CAPITOLO PRIMO: Lo sviluppo locale autosostenibile: un percorso rivoluzionario alla riscoperta dei luoghi 9

 

1) Nascita della questione ambientale. 9

1.1) Il paradigma dello sviluppo illimitato. 9

1.2) Conferenza di Stoccolma e Rapporto del M.I.T.: nascita della “questione ambientale”. 10

1.3) Rapporto Brundtland: nascita di un nuovo modello di sviluppo. 14

 

2) Ambiente e sviluppo nell’era della globalizzazione. 17

2.1) Una globalizzazione per pochi 17

2.2) Per una globalizzazione dal basso. 20

 

3) Riscoperta del locale. 22

3.1) Una nuova dimensione strategica. 22

3.2) Agenda 21 locale. 26

3.2.1) Principali tappe istituzionali 26

3.2.2) Attivazione – articolazione – progettazione: adozione del     piano. 31

3.3) Scuola territorialista e recupero della forma territoriale. 35

3.4) La società locale: linee di un progetto attraverso la ridefinizione del concetto di  “sostenibilità”. 37

3.5) I laboratori territoriali 39

 

4) Rifondazione della città del Terzo millennio. 43

4.1) Crisi della modernità e dell’individuo. 43

4.2) Ruolo della città globale nel mondo contemporaneo. 46

4.3) Deterritorializzazione e degrado: la costruzione di cosmopoli 48

4.4) Dalla città come macchina banale alla città come ecosistema complesso. 51

 

5) Verso l’edificazione di ecopolis. 55

5.1) Una città per l’abitare. 55

5.2) Un mondo nuovo possibile. 58

CONCLUSIONI

BIBLIOGRAFIA DI RIFERIMENTO

FONTI INTERNET

Curriculum Vitae

 

4.4) Dalla città come macchina banale alla città come ecosistema complesso

 

Già all’indomani della rivoluzione industriale, nasceva la nuova scienza dell’urbanistica, con la finalità principale di mitigare i “nuovi” conflitti sociali che si verificavano in ambito urbano attraverso la funzionalizzazione degli spazi.

L’urbanistica si propone di pianificare oggettivamente e scientificamente il territorio, dare ordine ai luoghi attraverso i supporti tecnici necessari per eliminare le contraddizioni dello sviluppo e del progresso.
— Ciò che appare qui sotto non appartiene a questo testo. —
Lemma ideal_mul_supp I J DI DJ : is_upset DI -> is_upset DJ ->
  ideal_eq I (supp_ideal DI) -> ideal_eq J (supp_ideal DJ) ->
  ideal_eq (ideal_mul I J) (supp_ideal (upset_mul DI DJ)).
Proof.
move=> DI_up DJ_up I_supp J_supp; apply: gen_ideal_supp (@is_upset_mul _ _) _ _.
- by move=> _ [a [b [/I_supp Ia /J_supp Jb ->]]]; apply: supp_idealM.
- move=> m [a [b [DIa DJb le_abm]]]; apply: gen_idealX_le le_abm.
  by exists 'X_[a], 'X_[b]; rewrite mpolyXD; split=> //;
    [apply/I_supp | apply/J_supp]; apply: supp_idealX.
Qed.

Lemma ideal_pow_supp I D : is_upset D -> ideal_eq I (supp_ideal D) ->
  forall t, ideal_eq (ideal_pow I t) (supp_ideal (upset_pow D t)).
Proof.
move=> D_up I_supp; elim=> [|t IH] /=; last first.
  exact: ideal_mul_supp (@is_upset_pow D t) D_up IH I_supp.
apply: gen_ideal_supp => // [s _ m []//|m _].
apply: (@gen_idealX_le _ 0%MM); rewrite ?mpolyX0 //.
by apply/mnm_lepP => i; rewrite mnm0E.
Qed.

Lemma monomial_ideal_supp I : monomial_ideal I ->
  is_upset (fun m => I 'X_[m]) /\ ideal_eq I (supp_ideal (fun m => I 'X_[m])).
Proof.
move=> [M I_gen]; have [I0 ID IM] := ideal_eq_is_ideal I_gen (gen_ideal_is_ideal _).
have I_up : is_upset (fun m => I 'X_[m]).
  by move=> m m' Im le_mm'; rewrite -(submK le_mm') mpolyXD; apply: IM.
split=> // p; split; last exact: supp_ideal_min (And3 I0 ID IM) (fun m Im => Im) p.
move/I_gen; apply: gen_ideal_min (supp_ideal_is_ideal I_up) _ p.
by move=> _ [m Mm ->]; apply/supp_idealX/I_gen/mem_gen_ideal; exists m.
Qed.

Lemma mingens_below I m : I 'X_[m] -> exists2 u, mingens I u & (u <= m)%MM.
Proof.
have [N] := ubnP (mdeg m); elim: N m => // N IH m lt_mN Im.
have [[m' [Im' le_m'm ne_m'm]]|minm] :=
  classic (exists m', [/\ I 'X_[m'], (m' <= m)%MM & m' != m]); last first.
  exists m; last exact: lepm_refl.
  split=> // m' Im' le_m'm; case: (eqVneq m' m) => // ne_m'm.
  by case: minm; exists m'.
have lt_m'N : (mdeg m' < N)%N.
  have : mdeg (m - m') != 0%N.
    by rewrite mdeg_eq0; apply: contraNneq ne_m'm => d0; rewrite -(submK le_m'm) d0 add0m.
  by rewrite -(submK le_m'm) mdegD in lt_mN; lia.
have [u minu le_um'] := IH m' lt_m'N Im'.
by exists u => //; apply: lepm_trans le_um' le_m'm.
Qed.

Lemma var_ideal_supp (A : pred 'I_k) :
  ideal_eq (var_ideal (K:=K) A) (supp_ideal (fun m => exists2 i, A i & (0 < m i)%N)).
Proof.
apply: gen_ideal_supp.
- by move=> m m' [i Ai mi_gt0] /mnm_lepP le_mm'; exists i => //; have := le_mm' i; lia.
- by move=> _ [i Ai ->]; apply: supp_idealX; exists i; rewrite ?mnm1E ?eqxx.
- move=> m [i Ai mi_gt0]; apply: (@gen_idealX_le _ U_(i)%MM); first by exists i.
  by apply/mnm_lepP => j; rewrite mnm1E; case: eqP => [<-|].
Qed.

Lemma var_ideal_all p : var_ideal (K:=K) (fun _ : 'I_k => true) p <-> p@_0 = 0.
Proof.
split=> [/var_ideal_supp p0|p0]; first by apply: p0 => -[i _]; rewrite mnm0E.
apply/var_ideal_supp => m m_notin; suff -> : m = 0%MM by [].
apply/mnmP => i; rewrite mnm0E; case: (posnP (m i)) => // mi_gt0.
by case: m_notin; exists i.
Qed.

Lemma var_ideal_all_prime : prime_ideal (var_ideal (K:=K) (fun _ : 'I_k => true)).
Proof.
have mcoeff0M (p q : {mpoly K[k]}) : (p * q)@_0 = p@_0 * q@_0.
  exact: (mcoeff0_is_multiplicative _ _).1.
split.
- move=> a b /var_ideal_all a0 /var_ideal_all b0.
  by apply/var_ideal_all; rewrite mcoeffD a0 b0 addr0.
- by move=> a b /var_ideal_all b0; apply/var_ideal_all; rewrite mcoeff0M b0 mulr0.
- by apply/var_ideal_all; rewrite mcoeff0.
- by move/var_ideal_all/eqP; rewrite mcoeff1 eqxx oner_eq0.
- move=> a b /var_ideal_all /eqP; rewrite mcoeff0M mulf_eq0.
  by case/orP => /eqP ?; [left | right]; apply/var_ideal_all.
Qed.

(* A monomial [m] of a witness [w] that escapes [J] stays a witness, since
   [x_i w \in J] forces [x_i m \in J] coefficientwise. *)
Lemma ass_monomial_witness J D (A : pred 'I_k) :
  ideal_eq J (supp_ideal D) -> Ass_quot J (var_ideal (K:=K) A) ->
  exists2 m, ~ D m & forall i, A i -> D (U_(i) + m)%MM.
Proof.
move=> J_supp [[_ _ _ P1 _] [w Pw]].
have : ~ supp_ideal D w by move/J_supp => Jw; apply/P1/Pw; rewrite mul1r.
move=> /not_all_ex_not [m w_m]; have [m_notin wm_neq0] := imply_to_and _ _ w_m.
exists m => // i Ai; apply: NNPP => mX_notin; apply: wm_neq0.
have /J_supp/(_ _ mX_notin) : J ('X_i * w) by apply/Pw/mem_gen_ideal; exists i.
by rewrite mulrC mcoeffMX.
Qed.

Lemma ass_var_ideal_all J D m : is_upset D -> ideal_eq J (supp_ideal D) ->
  ~ D m -> (forall i, D (U_(i) + m)%MM) -> Ass_quot J (var_ideal (K:=K) (fun _ => true)).
Proof.
move=> D_up J_supp m_notin mX_in; split; first exact: var_ideal_all_prime.
have [J0 JD JM] := ideal_eq_is_ideal J_supp (supp_ideal_is_ideal D_up).
exists 'X_[m] => p; split.
- apply: (@gen_ideal_min _ (fun q => J (q * 'X_[m]))); first split.
  + by rewrite mul0r.
  + by move=> a b Ja Jb; rewrite mulrDl; apply: JD.
  + by move=> r a Ja; rewrite -mulrA; apply: JM.
  + by move=> _ [i _ ->]; apply/J_supp; rewrite -mpolyXD; apply: supp_idealX.
- move/J_supp/(_ m m_notin); rewrite -{1}[m]addm0 mcoeffMX => p0.
  exact/var_ideal_all.
Qed.

End MonomialIdeals.

Section LastVariable.
Variables (K : fieldType) (n : nat).
Local Notation MN := 'X_{1..n.+1}.
Local Notation xl := (@ord_max n).
Implicit Types (I : pideal K n.+1) (D : MN -> Prop) (m u : MN).

Lemma ltn_ord_max (i : 'I_n.+1) : (i < n)%N = (i != xl).
Proof. by rewrite ltn_neqAle -ltnS ltn_ord andbT -(inj_eq val_inj). Qed.

Definition clear_last m : MN := [multinom if i == xl then 0%N else m i | i < n.+1].

Lemma clear_last_le m : (clear_last m <= m)%MM.
Proof. by apply/mnm_lepP => i; rewrite mnmE; case: ifP. Qed.

Lemma clear_last_addU i m : i != xl -> clear_last (U_(i) + m) = (U_(i) + clear_last m)%MM.
Proof.
move=> i_neq; apply/mnmP => j; rewrite !mnmDE !mnmE ?mnm1E.
by case: (eqVneq j xl) => [->|]; rewrite ?(negbTE i_neq).
Qed.

Lemma upset_pow_clear_last D : (forall m, D m -> D (clear_last m)) ->
  forall j a, upset_pow D j a -> upset_pow D j (clear_last a).
Proof.
move=> D_clear; elim=> [|j IH] a //= [b [c [Pb Dc le_bca]]].
exists (clear_last b), (clear_last c); split; [exact: IH | exact: D_clear |].
apply/mnm_lepP => i; move/mnm_lepP/(_ i): le_bca.
by rewrite !mnmDE !mnmE; case: ifP.
Qed.

Lemma mingens_clear_last I : is_upset (fun m => I 'X_[m]) ->
  (forall u, mingens I u -> u xl = 0%N) -> forall m, I 'X_[m] -> I 'X_[clear_last m].
Proof.
move=> I_up min_last m /mingens_below [u minu /mnm_lepP le_um].
apply: I_up minu.1 _; apply/mnm_lepP => i; rewrite mnmE.
by case: eqP => [->|_]; rewrite ?min_last.
Qed.

Section PowersOfL.
Variables (DI : MN -> Prop) (h : MN).

(* The exponent set of L = x_{n+1} I + h R, when DI is that of I. *)
Definition Lupset m := upset_mul (fun a => (U_(xl) <= a)%MM) DI m \/ (h <= m)%MM.

Lemma is_upset_Lupset : is_upset Lupset.
Proof.
move=> m m' [Dm|le_hm] le_mm'; first by left; apply: is_upset_mul Dm le_mm'.
by right; apply: lepm_trans le_hm le_mm'.
Qed.

Lemma Lupset_pow_decomp l m : upset_pow Lupset l m ->
  exists j a, [/\ (j <= l)%N, upset_pow DI j a
                & (a + U_(xl) *+ j + h *+ (l - j) <= m)%MM].
Proof.
elim: l m => [|l IH] m /=.
  move=> _; exists 0%N, 0%MM; rewrite mulm0n !addm0; split=> //.
  by apply/mnm_lepP => i; rewrite mnm0E.
move=> [b [c [/IH [j [a [le_jl Pa /mnm_lepP le_b]]] Lc /mnm_lepP le_bcm]]].
case: Lc => [[c1 [c2 [/mnm_lepP le_c1 DIc2 /mnm_lepP le_c]]] | /mnm_lepP le_hc].
- exists j.+1, (a + c2)%MM; split=> //; first by exists a, c2; rewrite lepm_refl.
  apply/mnm_lepP => i; move: (le_b i) (le_bcm i) (le_c1 i) (le_c i).
  by rewrite !mnmDE !mulmnE mnm1E; case: (xl == i) => /=; lia.
- exists j, a; split=> //; first exact: leqW.
  apply/mnm_lepP => i; move: (le_b i) (le_bcm i) (le_hc i).
  rewrite !mnmDE !mulmnE subSn //; lia.
Qed.

Lemma Lupset_pow_lastX j a : upset_pow DI j a -> upset_pow Lupset j (a + U_(xl) *+ j).
Proof.
elim: j a => [|j IH] a //= [b [c [Pb DIc /mnm_lepP le_bca]]].
exists (b + U_(xl) *+ j)%MM, (U_(xl) + c)%MM; split; first exact: IH.
  by left; exists U_(xl)%MM, c; rewrite !lepm_refl.
apply/mnm_lepP => i; move: (le_bca i); rewrite !mnmDE !mulmnE mnm1E.
by case: (xl == i) => /=; lia.
Qed.

(* A product of t+1 generators of L dividing x_{n+1}^t u h has at most t
   factors from x_{n+1} I; clearing x_{n+1} then puts u in I^t. *)
Lemma Lupset_pow_notin t u : u xl = 0%N -> h xl = 0%N -> DI h ->
  (forall m, DI m -> DI (clear_last m)) -> ~ upset_pow DI t u ->
  ~ upset_pow Lupset t.+1 (U_(xl) *+ t + u + h).
Proof.
move=> u_last h_last DIh DI_clear u_notin.
move=> /Lupset_pow_decomp [j [a [_ Pa /mnm_lepP le_a]]].
have le_jt : (j <= t)%N.
  by move: (le_a xl); rewrite !mnmDE !mulmnE mnm1E eqxx u_last h_last; lia.
apply: u_notin; have := upset_pow_addn (t - j) (upset_pow_clear_last DI_clear Pa) DIh.
rewrite subnKC // => P; apply: is_upset_pow P _; apply/mnm_lepP => i.
move: (le_a i); rewrite !mnmDE !mulmnE mnm1E mnmE subSn // eq_sym.
by case: eqP => [->|_] /=; rewrite ?u_last ?h_last; lia.
Qed.

Lemma Lupset_pow_mulX t u i :
  (forall i, i != xl -> upset_pow DI t (U_(i) + u)) -> upset_pow DI t.+1 (u + h) ->
  upset_pow Lupset t.+1 (U_(i) + (U_(xl) *+ t + u + h)).
Proof.
move=> uX_in uh_in; case: (eqVneq i xl) => [->|i_neq].
  apply: is_upset_pow (Lupset_pow_lastX uh_in) _; apply/mnm_lepP => j.
  by rewrite !mnmDE !mulmnE mnm1E; lia.
exists (U_(i) + u + U_(xl) *+ t)%MM, h; split.
- exact: Lupset_pow_lastX (uX_in i i_neq).
- by right; apply: lepm_refl.
- by apply/mnm_lepP => j; rewrite !mnmDE !mulmnE; lia.
Qed.

End PowersOfL.

Lemma Lideal_supp I DI h : is_upset DI -> ideal_eq I (supp_ideal DI) ->
  ideal_eq (ideal_add (fun p => exists2 q, I q & p = 'X_xl * q) (principal 'X_[h]))
           (supp_ideal (Lupset DI h)).
Proof.
move=> DI_up I_supp; apply: gen_ideal_supp; first exact: is_upset_Lupset.
- move=> p [[q /I_supp Iq ->]|hp].
    have Xl := supp_idealX K (D := fun a => (U_(xl) <= a)%MM) (lepm_refl _).
    by apply: supp_ideal_sub (supp_idealM Xl Iq) => m; left.
  apply: (supp_ideal_sub (D1 := fun m => (h <= m)%MM)) => [m|]; first by right.
  apply: gen_ideal_min hp; first by apply: supp_ideal_is_ideal => a b; apply: lepm_trans.
  by move=> _ ->; apply/supp_idealX/lepm_refl.
- move=> m [[a [b [le_a DIb le_abm]]] | le_hm].
    apply: (@gen_idealX_le _ _ _ (U_(xl) + b)%MM).
      by left; exists 'X_[b]; rewrite ?mpolyXD //; apply/I_supp/supp_idealX.
    apply: lepm_trans le_abm; apply/mnm_lepP => i; move/mnm_lepP/(_ i): le_a.
    by rewrite !mnmDE; lia.
  by apply: gen_idealX_le le_hm; right; apply: mem_gen_ideal.
Qed.

End LastVariable.

Unset Implicit Arguments. Set Strict Implicit.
Nata nel periodo di massima fiducia nel modello di sviluppo occidentale, l’urbanistica ha finito con il rispecchiarne i valori: la centralità dell’uomo, il riduzionismo, la marginalizzazione della natura, vi trovano un punto d’incontro. La città diviene la “macchina banale” che può essere scomposta e ricomposta, attraverso processi reversibili; diventa un insieme di pezzi che si aggiungono l’uno di fianco all’altro [1].

Uno dei limiti principali di questo tipo di pianificazione è di aver considerato, in chiave matematica e statistica, processi tanto complessi quali quelli che legano la comunità insediata al proprio ambiente di riferimento; la “macchina territoriale”, fedele alle regole dell’economia capitalista, è stata oggetto, fino agli anni ’70, una pianificazione “accentrata” del tutto estranea alle comunità locali interessate dai “programmi” di intervento[2].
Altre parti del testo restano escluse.